Cook Children’s Health Plan has filed a lawsuit against the Texas Health and Human Services Commission, trying to block HHS’s decision not to renew its Medicaid contract with the state. But the nonprofit health system, which has run Medicaid’s STAR and CHIP programs to help insure low-income Texas families for more than two decades, isn’t going to sit back and accept the cancellation of its contract.
Cook Children’s Health Plan (CCHP) provides coverage to 125,000 low-income families, pregnant women, and children in Tarrant County and the surrounding area. Approximately 8,000 of the children covered by this plan are considered to have medically complex conditions. The plan administers the CHIP and STAR programs to provide health insurance to low-income children and families.
Earlier this year, HHS announced it would not renew Cook Children’s Healthcare, leaving the options to four state or national plans: Blue Cross Blue Shield of Texas, Aetna, Molina and UnitedHealthcare. Driscoll Children’s Healthcare in Corpus Christi and Texas Children’s Healthcare in Houston also face elimination as a result of the HHS decision. The plans serve 700,000 families across the state.
Cook Children’s filed an appeal of the decision, but HHS denied the appeal in June. Cook Children’s is appealing the decision and says it will use all options, including legal action, to keep its health plan an option for North Texas families.
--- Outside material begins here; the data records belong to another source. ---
Lemma run_ok_prob_honest (P : SSLPrims) lam crs (M : 'M['F_(qf P lam)]_lam)
    gt gpt Ct pi y x :
  prime (qf P lam) ->
  (forall v, sheval gt v = (v \in rowspace_set M)) ->
  (forall v, sheval gpt v = (v \in perp (rowspace_set M))) ->
  verify crs (gt, gpt, Ct) pi -> oeval Ct x = y ->
  run_ok_prob crs (ketbra (ket_set (rowspace_set M))) gt gpt Ct pi y x = 1.
Proof.
move=> q_prime gtA gptA pi_ok Ct_x.
by rewrite /run_ok_prob /= pi_ok Ct_x eqxx mulr1 prob1_FT_subspace_state.
Qed.

Theorem lemma54 (P : SSLPrims) :
  prims_ok P -> exists eps : nat -> algC, negligible eps /\ ssl_correct P eps.
Proof.
move=> [q_prime [searchable [obf_correct [[nu [nu_negl sho_correct]] complete]]]].
exists (fun lam => nu lam *+ 2); split; first exact: negligibleMn.
move=> lam C; rewrite mulr2n opprD addrA.
have half_le : (lam./2 <= lam)%N by rewrite -divn2 leq_div.
split; apply: Ex_ge => // rc; apply: ExS_ge => [|_ /imsetP[M _ ->]];
  rewrite ?subspaces_gt0 //; set A := rowspace_set M.
- have errA := sho_correct lam A (is_subspace_rowspace M).
  have errP := sho_correct lam (perp A) (is_subspace_perp M).
  apply: Ex_ge => // ro; apply: union_bound2 errA errP _ _ _ _ => // [rA rAp|rA rAp].
    by do 2 apply: Ex_ge => // ?; apply: prodr_ge0 => x _; apply: run_ok_prob_ge0.
  move=> /existsPn shoA /existsPn shoP; apply: Ex_ge => // rs; apply: Ex_ge => // rp /=.
  rewrite big1 // => x _; apply: run_ok_prob_honest => //.
  + by move=> v; apply/eqP/negPn/shoA.
  + by move=> v; apply/eqP/negPn/shoP.
  + by apply: complete; split; last apply: searchable.
- have nu_ge0 : 0 <= nu lam.
    exact: le_trans (PrU_ge0 _ (coins_gt0 _)) (sho_correct lam A (is_subspace_rowspace M)).
  by rewrite expect_ket_set ?rowspace_set_gt0 // -addrA -opprD lerBlDr lerDl addr_ge0.
Qed.
Lemma esum_arrivals X : (forall n, 0 <= X n) -> (esum_from 0 X < +oo)%E ->
  esum_from 0 (arrivals lam g X) = esum_from 0 X.
Proof.
move=> X_ge0 X_fin.
have SX_fin : esum_from 0 X \is a fin_num by rewrite ge0_fin_numE ?esum_from_ge0.
have conv_ge0 n : 0 <= \sum_(1 <= i < n.+1) g i * X (n - i)%N.
  by rewrite sumr_ge0 // => i _; rewrite mulr_ge0.
rewrite /esum_from /arrivals; under eq_eseriesr do rewrite EFinD.
rewrite nneseriesD; last 2 first.
- by move=> i _ _; rewrite lee_fin mulr_ge0 // subr_ge0.
- by move=> i _ _; rewrite lee_fin mulr_ge0.
rewrite -!/(esum_from 0 _) !esum_fromZl ?subr_ge0 // esum_convolution //.
by rewrite -(fineK SX_fin) -!EFinM -EFinD; congr (_%:E); ring.
Qed.

End arrivals.

Section renewal.
Variables (R : realType) (s : nat -> R).
Hypotheses (s_ge0 : forall n, 0 <= s n) (s1 : esum_from 0 s = 1%E).
Hypothesis s_mean : (emean s < +oo)%E.

Let tail u := fine (esum_from u s).

Let tail_fin u : esum_from u s \is a fin_num.
Proof. by apply: esum_from_fin_num => //; rewrite s1 ltry. Qed.

Let tail_ge0 u : 0 <= tail u.
Proof. by rewrite /tail fine_ge0 // esum_from_ge0. Qed.

Let tailS u : tail u = s u + tail u.+1.
Proof. by apply: EFin_inj; rewrite EFinD /tail !fineK // esum_from_recl. Qed.
(* In the Core Tuplix Calculus $\mathbf{CTC}$ over a nonempty attribute set $A$ and a non-trivial cancellation meadow $\mathcal{D}$ (defined in the context), for all data terms $p$ and $q$: if $\mathcal{D}\models (1-p/p)\cdot q=0$, then $\mathbf{CTC}\vdash \gamma(p)=\gamma(p)\oplus\gamma(q)$.
   Context: Data: a meadow is a commutative ring with unit with a total unary operation $(\cdot)^{-1}$ satisfying $(u^{-1})^{-1}=u$ and $u\cdot(u\cdot u^{-1})=u$; a non-trivial cancellation meadow additionally satisfies $0\neq 1$ and the cancellation law ($u\neq 0$ and $uv=uw$ imply $v=w$). Fix such a structure $\mathcal{D}$. Data terms are built from data variables ($u,v,w,\dots$), constants $0,1$, binary $+,\cdot$ and unary $-$, $(\cdot)^{-1}$; write $p/q$ for $p\cdot q^{-1}$ and $p-q$ for $p+(-q)$; $\mathcal{D}\models p=q$ means the identity holds for all valuations of the data variables in $\mathcal{D}$. Fix a nonempty set $A$ of attributes. Tuplix terms are built from tuplix variables, constants $\epsilon$ and $\delta$, entries $a(p)$ ($a\in A$, $p$ a data term), zero tests $\gamma(p)$, and the binary operator $\oplus$. $\mathbf{CTC}$ is the two-sorted equational proof system with axioms (T1) $x\oplus y=y\oplus x$; (T2) $(x\oplus y)\oplus z=x\oplus(y\oplus z)$; (T3) $x\oplus\epsilon=x$; (T4) $x\oplus\delta=\delta$; (T5) $a(u)\oplus a(v)=a(u+v)$; (T6) $\gamma(u)=\gamma(u/u)$; (T7) $\gamma(0)=\epsilon$; (T8) $\gamma(1)=\delta$; (T9) $\gamma(u)\oplus\gamma(v)=\gamma(u/u+v/v)$; (T10) $\gamma(u-v)\oplus a(u)=\gamma(u-v)\oplus a(v)$ (for all $a\in A$), together with the rule (DE): for all data terms $p,q$, if $\mathcal{D}\models p=q$ then $\gamma(p)=\gamma(q)$ is derivable. *)

From HB Require Import structures.
From mathcomp Require Import all_boot all_algebra.
Set Implicit Arguments. Unset Strict Implicit. Unset Printing Implicit Defensive.
Import GRing.Theory.
Local Open Scope ring_scope.

Definition is_meadow (D : comPzRingType) (inv : D -> D) : Prop :=
  (forall u : D, inv (inv u) = u) /\ (forall u : D, u * (u * inv u) = u).

Definition is_nt_cancellation_meadow (D : comPzRingType) (inv : D -> D) : Prop :=
  is_meadow inv /\ (0 : D) <> 1 /\
  (forall u v w : D, u <> 0 -> u * v = u * w -> v = w).

Inductive dterm : Type :=
| dvar : nat -> dterm
| dzero : dterm
| done : dterm
| dadd : dterm -> dterm -> dterm
| dmul : dterm -> dterm -> dterm
| dopp : dterm -> dterm
| dinv : dterm -> dterm.

Definition ddiv (p q : dterm) : dterm := dmul p (dinv q).
Definition dsub (p q : dterm) : dterm := dadd p (dopp q).

Fixpoint deval (D : comPzRingType) (inv : D -> D) (rho : nat -> D) (p : dterm) : D :=
  match p with
  | dvar n => rho n
  | dzero => 0
  | done => 1
  | dadd p q => deval inv rho p + deval inv rho q
  | dmul p q => deval inv rho p * deval inv rho q
  | dopp p => - deval inv rho p
  | dinv p => inv (deval inv rho p)
  end.

Definition dmodels (D : comPzRingType) (inv : D -> D) (p q : dterm) : Prop :=
  forall rho : nat -> D, deval inv rho p = deval inv rho q.

Inductive tterm (A : Type) : Type :=
| tvar : nat -> tterm A
| teps : tterm A
| tdelta : tterm A
| tentry : A -> dterm -> tterm A
| tgamma : dterm -> tterm A
| toplus : tterm A -> tterm A -> tterm A.
Arguments teps {A}.
Arguments tdelta {A}.
Arguments tvar {A}.
Arguments tgamma {A}.

Inductive ctc (D : comPzRingType) (inv : D -> D) (A : Type) :
    tterm A -> tterm A -> Prop :=
| ctc_refl x : ctc inv x x
| ctc_sym x y : ctc inv x y -> ctc inv y x
| ctc_trans x y z : ctc inv x y -> ctc inv y z -> ctc inv x z
| ctc_cong x x' y y' : ctc inv x x' -> ctc inv y y' ->
    ctc inv (toplus x y) (toplus x' y')
| T1 x y : ctc inv (toplus x y) (toplus y x)
| T2 x y z : ctc inv (toplus (toplus x y) z) (toplus x (toplus y z))
| T3 x : ctc inv (toplus x teps) x
| T4 x : ctc inv (toplus x tdelta) tdelta
| T5 (a : A) u v : ctc inv (toplus (tentry a u) (tentry a v)) (tentry a (dadd u v))
| T6 u : ctc inv (tgamma u) (tgamma (ddiv u u))
| T7 : ctc inv (tgamma dzero) teps
| T8 : ctc inv (tgamma done) tdelta
| T9 u v : ctc inv (toplus (tgamma u) (tgamma v))
                   (tgamma (dadd (ddiv u u) (ddiv v v)))
| T10 (a : A) u v : ctc inv (toplus (tgamma (dsub u v)) (tentry a u))
                           (toplus (tgamma (dsub u v)) (tentry a v))
| DE p q : dmodels inv p q -> ctc inv (tgamma p) (tgamma q).

(* In a non-trivial cancellation meadow [u / u] is [1] when [u <> 0] and [0]
   otherwise, so the hypothesis says that [q] vanishes wherever [p] does.
   By T6 and T9, [gamma(p) (+) gamma(q)] is [gamma(s / s)] with
   [s = p/p + q/q], and [s / s = p / p] pointwise as soon as [1 + 1 <> 0].
   In characteristic two, [gamma(0) = gamma(1/1 + 1/1) = delta (+) delta = delta]
   and the calculus identifies all tuplix terms. *)

From mathcomp Require Import all_boot all_algebra.
Import GRing.Theory.
Local Open Scope ring_scope.

Section Meadow.
Variables (D : comPzRingType) (inv : D -> D).

Lemma meadow_inv1 : is_meadow inv -> inv 1 = 1.
Proof. by case=> _ /(_ 1); rewrite !mul1r. Qed.

Hypothesis HD : is_nt_cancellation_meadow inv.

Lemma meadow_divff (u : D) : u * inv u = (u != 0)%:R.
Proof.
have [-> | /eqP u_neq0] := eqVneq u 0; first by rewrite mul0r.
case: HD => [[_ mulKV] [_ cancel]]; apply: (cancel u) => //.
by rewrite mulKV mulr1.
Qed.

Lemma meadow_divff_absorb (a b : D) :
  1 + 1 != 0 :> D -> (1 - a * inv a) * b = 0 ->
  let s := a * inv a + b * inv b in s * inv s = a * inv a.
Proof.
move=> two_neq0; rewrite /= !meadow_divff.
have [_ | _] := eqVneq a 0.
  by rewrite /= subr0 mul1r => ->; rewrite eqxx /= addr0 eqxx.
have /negPf one_neq0 : 1 != 0 :> D by case: HD => _ [/nesym/eqP].
by case: (b != 0); rewrite /= ?addr0 ?one_neq0 ?(negPf two_neq0).
Qed.

End Meadow.

Section Derivations.
Variables (D : comPzRingType) (inv : D -> D) (A : Type).

Lemma ctc_collapse (x y : tterm A) : ctc inv (teps : tterm A) tdelta -> ctc inv x y.
Proof.
have to_delta (z : tterm A) : ctc inv (teps : tterm A) tdelta -> ctc inv z tdelta.
  move=> eps_delta; apply: ctc_trans (ctc_sym (T3 inv z)) (ctc_trans _ (T4 inv z)).
  exact: ctc_cong (ctc_refl _ _) eps_delta.
by move=> eps_delta; apply: ctc_trans (to_delta x _) (ctc_sym (to_delta y _)).
Qed.

Lemma ctc_eps_delta_char2 :
  is_meadow inv -> 1 + 1 = 0 :> D -> ctc inv (teps : tterm A) tdelta.
Proof.
move=> Hm two_eq0; apply: ctc_trans (ctc_sym (T7 inv A)) _.
apply: ctc_trans (ctc_trans (ctc_sym (T9 inv A done done)) _).
  by apply: DE => rho /=; rewrite meadow_inv1 // mulr1.
exact: ctc_trans (ctc_cong (T8 inv A) (T8 inv A)) (T4 inv tdelta).
Qed.

Lemma ctc_gamma_oplus (u v : dterm) :
  let s := dadd (ddiv u u) (ddiv v v) in
  ctc inv (toplus (tgamma u) (tgamma v) : tterm A) (tgamma (ddiv s s)).
Proof. exact: ctc_trans (T9 inv A u v) (T6 inv A _). Qed.

End Derivations.

Theorem lemma2 (D : comPzRingType) (inv : D -> D) (A : Type)
  (HD : is_nt_cancellation_meadow inv) (HA : inhabited A) (p q : dterm) :
  dmodels inv (dmul (dsub done (ddiv p p)) q) dzero ->
  ctc inv (tgamma p : tterm A) (toplus (tgamma p) (tgamma q)).
Proof.
move=> q_vanishes.
have [two_eq0 | two_neq0] := eqVneq (1 + 1 : D) 0.
  by apply/ctc_collapse/ctc_eps_delta_char2 => //; case: HD.
apply: ctc_trans (T6 inv A p) (ctc_sym (ctc_trans (ctc_gamma_oplus D inv A p q) _)).
apply: DE => rho; apply: meadow_divff_absorb => //; apply: q_vanishes.
Qed.
(* Let $0<s\le t$ be integers. Then $S_{s,t}=\mathbb{F}_q[x,y]_{s+t}\setminus\mathrm{Im}\,\Phi_{s,t}$.
   Context: $\mathbb{F}_q[x]_{\le s}$ is the set of polynomials in $\mathbb{F}_q[x]$ of degree at most $s$; $\mathbb{F}_q[x,y]_s$ is the space of homogeneous polynomials of degree $s$ in $x,y$ together with $0$. For $p\in\mathbb{F}_q[x,y]_s$, $p_x(x)=p(x,1)$ is its dehomogenization. $\Phi_{s,t}:\mathbb{F}_q[x,y]_s\times\mathbb{F}_q[x,y]_t\to\mathbb{F}_q[x,y]_{s+t}$ is $(f,h)\mapsto fh$, and \[ S_{s,t}=\Big\{p\in\mathbb{F}_q[x,y]_{s+t}:\ \text{if } f\in\mathbb{F}_q[x]_{\le s}\text{ divides }p_x,\ \text{then }\deg\big(p_x/f\big)\ge t+1\Big\}. \] *)

From HB Require Import structures.
From mathcomp Require Import all_boot all_algebra all_field.
From mathcomp Require Import mpoly.
Set Implicit Arguments. Unset Strict Implicit. Unset Printing Implicit Defensive.
Import GRing.Theory.
Local Open Scope ring_scope.

(* Bivariate polynomials in x = 'X_0 and y = 'X_1 over a field F are
   {mpoly F[2]}; F[x,y]_s is the set of p with p \is s.-homog (0 included). *)

(* Dehomogenization p_x(x) = p(x,1) : x |-> 'X, y |-> 1. *)
Definition dehom (F : fieldType) (p : {mpoly F[2]}) : {poly F} :=
  mmap (@polyC F) (fun i : 'I_2 => if i == 0 then 'X else 1) p.

(* S_{s,t}: p of degree s+t such that every f in F[x]_{<= s} dividing p_x
   has deg (p_x / f) >= t+1, i.e. size (p_x %/ f) >= t+2. *)
Definition S_set (F : fieldType) (s t : nat) (p : {mpoly F[2]}) : Prop :=
  p \is (s + t)%N.-homog /\
  forall f : {poly F}, (size f <= s.+1)%N -> (f %| dehom p)%R ->
    (t.+2 <= size (dehom p %/ f)%R)%N.

Definition Im_Phi (F : fieldType) (s t : nat) (p : {mpoly F[2]}) : Prop :=
  exists f h : {mpoly F[2]}, [/\ f \is s.-homog, h \is t.-homog & p = f * h].

From HB Require Import structures.
From mathcomp Require Import all_boot all_algebra all_field.
From mathcomp Require Import mpoly.
From mathcomp Require Import zify.
Import GRing.Theory.
Local Open Scope ring_scope.

(* Dehomogenization identifies F[x,y]_d with F[x]_{<= d}, the inverse being
   homogenization q |-> y^d q(x/y), and the homogenization of degree s+t of
   f_x h_x is f h for forms f, h of degrees s, t.  Hence p is in the image of
   Phi_{s,t} exactly when p_x = f h with deg f <= s and deg h <= t, which is
   exactly the failure of the quotient condition defining S_{s,t}. *)

Section Homogenization.
Variable R : comNzRingType.

Definition hmonom (d i : nat) : 'X_{1..2} :=
  [multinom (if j == 0%N :> nat then i else (d - i)%N) | j < 2].

Definition homogenize (d : nat) (q : {poly R}) : {mpoly R[2]} :=
  \sum_(i < d.+1) q`_i *: 'X_[hmonom d i].

Lemma mdeg_hmonom d i : (i <= d)%N -> mdeg (hmonom d i) = d.
Proof. by move=> le_id; rewrite mdegE !big_ord_recr big_ord0 /= !mnmE /=; lia. Qed.

Lemma hmonomD s t i j : (i <= s)%N -> (j <= t)%N ->
  (hmonom s i + hmonom t j)%MM = hmonom (s + t) (i + j).
Proof. by move=> le_is le_jt; apply/mnmP => k; rewrite mnmDE !mnmE; case: eqP; lia. Qed.

Lemma homogenize_homog d q : homogenize d q \is d.-homog.
Proof.
apply: rpred_sum => i _; rewrite rpredZ // dhomogX.
by apply/eqP/mdeg_hmonom; rewrite -ltnS.
Qed.

Fact homogenize_is_linear d : linear (homogenize d).
Proof.
move=> c p q; rewrite /homogenize scaler_sumr -big_split.
by apply: eq_bigr => i _; rewrite coefD coefZ scalerDl scalerA.
Qed.

HB.instance Definition _ d :=
  GRing.isSemilinear.Build R {poly R} {mpoly R[2]} _ (homogenize d)
    (GRing.semilinear_linear (homogenize_is_linear d)).

Lemma homogenizeXn d k : (k <= d)%N -> homogenize d 'X^k = 'X_[hmonom d k].
Proof.
move=> le_kd; rewrite /homogenize (bigD1 (Ordinal (le_kd : (k < d.+1)%N))) //=.
rewrite coefXn eqxx scale1r big1 ?addr0 // => i /eqP neq_ik.
by rewrite coefXn; case: eqP => [eq_ik|]; [case: neq_ik; apply: val_inj | rewrite scale0r].
Qed.

Lemma poly_coef_sum {n} {q : {poly R}} : (size q <= n)%N ->
  q = \sum_(i < n) q`_i *: 'X^i.
Proof.
move=> le_qn; rewrite -poly_def; apply/polyP => k; rewrite coef_poly.
by case: ltnP => // le_nk; rewrite nth_default // (leq_trans le_qn).
Qed.

Lemma homogenizeM s t (f g : {poly R}) :
  (size f <= s.+1)%N -> (size g <= t.+1)%N ->
  homogenize s f * homogenize t g = homogenize (s + t) (f * g).
Proof.
move=> le_fs le_gt.
rewrite [in RHS](poly_coef_sum le_fs) [in RHS](poly_coef_sum le_gt).
rewrite mulr_suml [in RHS]mulr_suml linear_sum; apply: eq_bigr => i _.
rewrite mulr_sumr [in RHS]mulr_sumr linear_sum; apply: eq_bigr => j _.
rewrite -scalerAl -scalerAr scalerA -scalerAl -scalerAr scalerA -exprD linearZ /=.
have le_is : (i <= s)%N by rewrite -ltnS.
have le_jt : (j <= t)%N by rewrite -ltnS.
by rewrite homogenizeXn ?leq_add // -mpolyXD hmonomD.
Qed.

End Homogenization.
Arguments homogenize {R} d q.

Section Dehomogenization.
Variable F : fieldType.

Lemma mdeg2 (m : 'X_{1..2}) : mdeg m = (m ord0 + m ord_max)%N.
Proof. by rewrite mdegE !big_ord_recr big_ord0 /= add0n; congr (m _ + _)%N; apply: val_inj. Qed.

Lemma dehomE (p : {mpoly F[2]}) :
  dehom p = \sum_(m <- msupp p) p@_m *: 'X^(m ord0).
Proof.
apply: eq_bigr => m _; rewrite /mmap1 !big_ord_recr big_ord0 /=.
rewrite expr1n mulr1 mul1r mul_polyC; congr (_ *: 'X^(m _)); exact: val_inj.
Qed.

Lemma dehomM (f h : {mpoly F[2]}) : dehom (f * h) = dehom f * dehom h.
Proof. exact: rmorphM. Qed.

Lemma size_dehom_homog d (p : {mpoly F[2]}) : p \is d.-homog ->
  (size (dehom p) <= d.+1)%N.
Proof.
move=> /dhomogP homp; rewrite dehomE big_seq.
apply: (big_ind (fun q : {poly F} => size q <= d.+1)%N).
- by rewrite size_poly0.
- by move=> a b le_a le_b; rewrite (leq_trans (size_polyD _ _)) // geq_max le_a le_b.
move=> m m_supp; rewrite (leq_trans (size_scale_leq _ _)) // size_polyXn ltnS.
by have := homp m m_supp; rewrite /= mdeg2; lia.
Qed.

Lemma dehomK d (p : {mpoly F[2]}) : p \is d.-homog -> homogenize d (dehom p) = p.
Proof.
move=> /dhomogP homp; rewrite dehomE linear_sum [RHS]mpolyE !big_seq.
apply: eq_bigr => m m_supp; rewrite linearZ /=.
have := homp m m_supp; rewrite /= mdeg2 => deg_m.
rewrite homogenizeXn; last by lia.
congr (_ *: 'X_[_]); apply/mnmP => -[[|[|k]] lt_k2] //=; rewrite mnmE //=.
- by congr (m _); apply: val_inj.
- by rewrite -deg_m addKn; congr (m _); apply: val_inj.
Qed.

End Dehomogenization.

Definition factors_within {F : fieldType} (s t : nat) (P : {poly F}) : Prop :=
  exists f h : {poly F}, [/\ (size f <= s.+1)%N, (size h <= t.+1)%N & P = f * h].

Lemma large_quotientsP (F : fieldType) (s t : nat) (P : {poly F}) :
  (forall f : {poly F}, (size f <= s.+1)%N -> (f %| P)%R -> (t.+2 <= size (P %/ f)%R)%N)
  <-> ~ factors_within s t P.
Proof.
split=> [large [f [h [le_fs le_ht eq_P]]] | no_fact f le_fs dvd_fP].
  have := large f le_fs; rewrite eq_P dvdp_mulIl => /(_ isT).
  have [->|nz_f] := eqVneq f 0; first by rewrite mul0r div0p size_poly0.
  by rewrite mulKp // leqNgt ltnS le_ht.
rewrite leqNgt ltnS; apply/negP => le_qt; apply: no_fact.
by exists f, (P %/ f); split; rewrite // mulrC divpK.
Qed.

Lemma Im_Phi_factors_within (F : fieldType) (s t : nat) (p : {mpoly F[2]}) :
  p \is (s + t)%N.-homog -> Im_Phi s t p <-> factors_within s t (dehom p).
Proof.
move=> homp; split=> [[f [h [homf homh ->]]] | [f [h [le_fs le_ht eq_p]]]].
  exists (dehom f), (dehom h); split; rewrite ?dehomM //; exact: size_dehom_homog.
exists (homogenize s f), (homogenize t h); split; rewrite ?homogenize_homog //.
by rewrite homogenizeM // -eq_p dehomK.
Qed.

Theorem lemma3p16 (F : finFieldType) (s t : nat) :
  (0 < s)%N -> (s <= t)%N ->
  forall p : {mpoly F[2]},
    S_set s t p <-> (p \is (s + t)%N.-homog /\ ~ Im_Phi s t p).
Proof.
move=> _ _ p.
split=> -[homp Sp]; split=> //.
- by rewrite Im_Phi_factors_within //; apply/large_quotientsP.
- by apply/large_quotientsP; rewrite -Im_Phi_factors_within.
Qed.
Since HHS announced it would not renew its contract, Cook Children’s Hospital has launched a public relations campaign against the decision. The health system launched a Save Cook Children’s Health Plan website, held a press conference, and interviewed a family to ask them how the plan has helped them care for their child with complex medical conditions. “We are not going to go down without a fight,” a CCHP spokesperson said at a press conference last week. “For more than 20 years, the health plan has built a reputation for serving the community.”
Much of the outcry from Cook Children’s focuses on the possibility that families could lose their insurance or access to doctors. However, a change in the organization that manages health care does not change a patient’s insurance status or whether they can continue to receive services. Because health plans must provide continuity of care to new beneficiaries and their providers, it is unlikely (though not impossible) that Cook Children’s patients would lose their insurance or access to doctors.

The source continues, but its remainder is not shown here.